История русской литературной критики - Евгений Добренко
Шрифт:
Интервал:
Закладка:
• неприятие традиций «мелкобуржуазной беллетристики», «эпигонов художества» и «красного реставраторства»: «Беллетристика — опиум для народа»[612], «большая часть новейшей литературы» работает на «читателя-обывателя»[613]; «То, чем для литературной эпохи Пушкина был французский язык, теперь для литературных заданий пролетариата представляет собой примерно классическая художественная литература»[614];
• неприятие «реализма» и «психоложества»: «нынешние „учебствующие у классиков“ расписывают „страдание пролетарских Вертеров“ во внеслужебные часы»[615].
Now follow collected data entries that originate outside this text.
(* Let $\Omega=[a,b)\times[c,d)$ with periodic boundary conditions, $\mathcal{N}_x,\mathcal{N}_y$ positive even integers, $h_x=(b-a)/\mathcal{N}_x$, $h_y=(d-c)/\mathcal{N}_y$, grid points $(x_j,y_k)=(a+jh_x,c+kh_y)$, and grid functions stored as vectors of length $\mathcal{N}_x\mathcal{N}_y$. Let $\mu_x=2\pi/(b-a)$, $\mu_y=2\pi/(d-c)$ and let $\mathbf{D}_2^x$ be the $\mathcal{N}_x\times\mathcal{N}_x$ matrix with $(\mathbf{D}_2^x)_{j,k}=\tfrac12\mu_x^2(-1)^{j+k+1}\csc^2\!\big(\mu_x\tfrac{x_j-x_k}{2}\big)$ for $j\ne k$ and $(\mathbf{D}_2^x)_{j,j}=-\mu_x^2\tfrac{\mathcal{N}_x^2+2}{12}$, and $\mathbf{D}_2^y$ analogously; set $\Delta_h=\mathbf{I}_y\otimes\mathbf{D}_2^x+\mathbf{D}_2^y\otimes\mathbf{I}_x$. Define $\langle u,w\rangle_h=h_xh_y\sum_{j,k}u_{j,k}\bar w_{j,k}$, and let $\cdot$ denote the elementwise product, $|w|^2=w\cdot\bar w$. Let $\varepsilon>0$, $\tau>0$, and let $b_i,a_{ij}$ ($i,j=1,\dots,s$) be real numbers with $b_ia_{ij}+b_ja_{ji}=b_ib_j$ for all $i,j$. Consider the fully discrete scheme: given grid vectors $E^n$ (complex), $N^n,v^n,q^n$ (real), for $i=1,\dots,s$, \[ \begin{aligned} &E_{ni}=E^n+\tau\sum_j a_{ij}k_j^1,\quad k_i^1={\rm i}\big(\Delta_hE_{ni}-\varepsilon^2\Delta_h^2E_{ni}-N_{ni}\cdot E_{ni}\big),\\ &N_{ni}=N^n+\tau\sum_j a_{ij}k_j^2,\quad k_i^2=\Delta_hv_{ni},\\ &v_{ni}=v^n+\tau\sum_j a_{ij}k_j^3,\quad k_i^3=N_{ni}-\varepsilon^2\Delta_hN_{ni}+q^n+\tau\sum_j a_{ij}k_j^4,\quad k_i^4=2\,{\rm Re}\big(\bar E_{ni}\cdot k_i^1\big), \end{aligned} \] with update $E^{n+1}=E^n+\tau\sum_ib_ik_i^1$, $N^{n+1}=N^n+\tau\sum_ib_ik_i^2$, $v^{n+1}=v^n+\tau\sum_ib_ik_i^3$, $q^{n+1}=q^n+\tau\sum_ib_ik_i^4$, and initial data $E^0$, $N^0$ the grid values of $E_0,N_0$, $v^0$ the zero-mean solution of $\Delta_hv^0=N_1$ on the grid, and $q^0=|E^0|^2$. Assume the stage equations are solvable at every step. Then for all $n=0,1,\dots,J$: (i) $\langle E^{n+1},E^{n+1}\rangle_h=\langle E^n,E^n\rangle_h$; (ii) $q^n-|E^n|^2=\mathbf{0}$; (iii) $\mathcal{H}_h^{n+1}=\mathcal{H}_h^n$, where \[ \mathcal{H}_h^n=\langle\Delta_hE^n,E^n\rangle_h-\varepsilon^2\langle\Delta_hE^n,\Delta_hE^n\rangle_h-\tfrac12\langle N^n,N^n\rangle_h+\tfrac{\varepsilon^2}{2}\langle\Delta_hN^n,N^n\rangle_h-\langle N^n,|E^n|^2\rangle_h+\tfrac12\langle\Delta_hv^n,v^n\rangle_h. \]
   Context: This is the Runge–Kutta Fourier pseudo-spectral discretization of the quantum Zakharov system ${\rm i}E_t+\Delta E-\varepsilon^2\Delta^2E=NE$, $N_{tt}-\Delta N+\varepsilon^2\Delta^2N=\Delta|E|^2$, reformulated with $N_t=\Delta v$ and the quadratic auxiliary variable $q=|E|^2$; $\Delta_h$ is the Fourier pseudo-spectral discrete Laplacian. The initial datum $N_1$ satisfies $\int_\Omega N_1=0$. $J$ is the number of time steps. *)

From HB Require Import structures.
From mathcomp Require Import all_boot all_order all_algebra.
From mathcomp Require Import complex.
From mathcomp Require Import reals trigo.
Set Implicit Arguments. Unset Strict Implicit. Unset Printing Implicit Defensive.
Import Order.TTheory GRing.Theory Num.Theory.
Local Open Scope ring_scope.
Local Open Scope complex_scope.

Section ZakharovDefs.
Variable R : realType.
Едва ли не по всем этим позициям «Новому ЛЕФу» противостояли как «традиционалисты» из «Перевала», так и «эпигоны» из РАППа с их эстетическим ретроградством («искусство как мышление образами», «теория живого человека», «учеба у классиков»). Резкая критика лефовского фактографизма раздавалась со страниц «Известий» (Полонский), «Красной нови» (Лежнев, Горбов), «На литературном посту» (Авербах, Либединский, Фадеев, Ермилов). Последний, в частности, утверждал, что «такая дикая теорийка может возникнуть лишь в среде тех межеумочных социальных прослоек, которые давно потеряли всякую возможность построить что-либо, похожее на целостное мировоззрение»[616]. С развернутой критикой литературы факта выступил Валентин Асмус, утверждавший, что эта теория лишает искусство философской глубины; понимает «факт» плоско; ошибочно полагает, что фактографизм является залогом «объективности», тогда как он сам является продуктом манипуляций и «фабрикации фактов» и, наконец, не признает, что вымысел является одним из важнейших орудий познания[617]. Статья в «Красной нови» красноречиво называлась «Фетишисты факта»[618].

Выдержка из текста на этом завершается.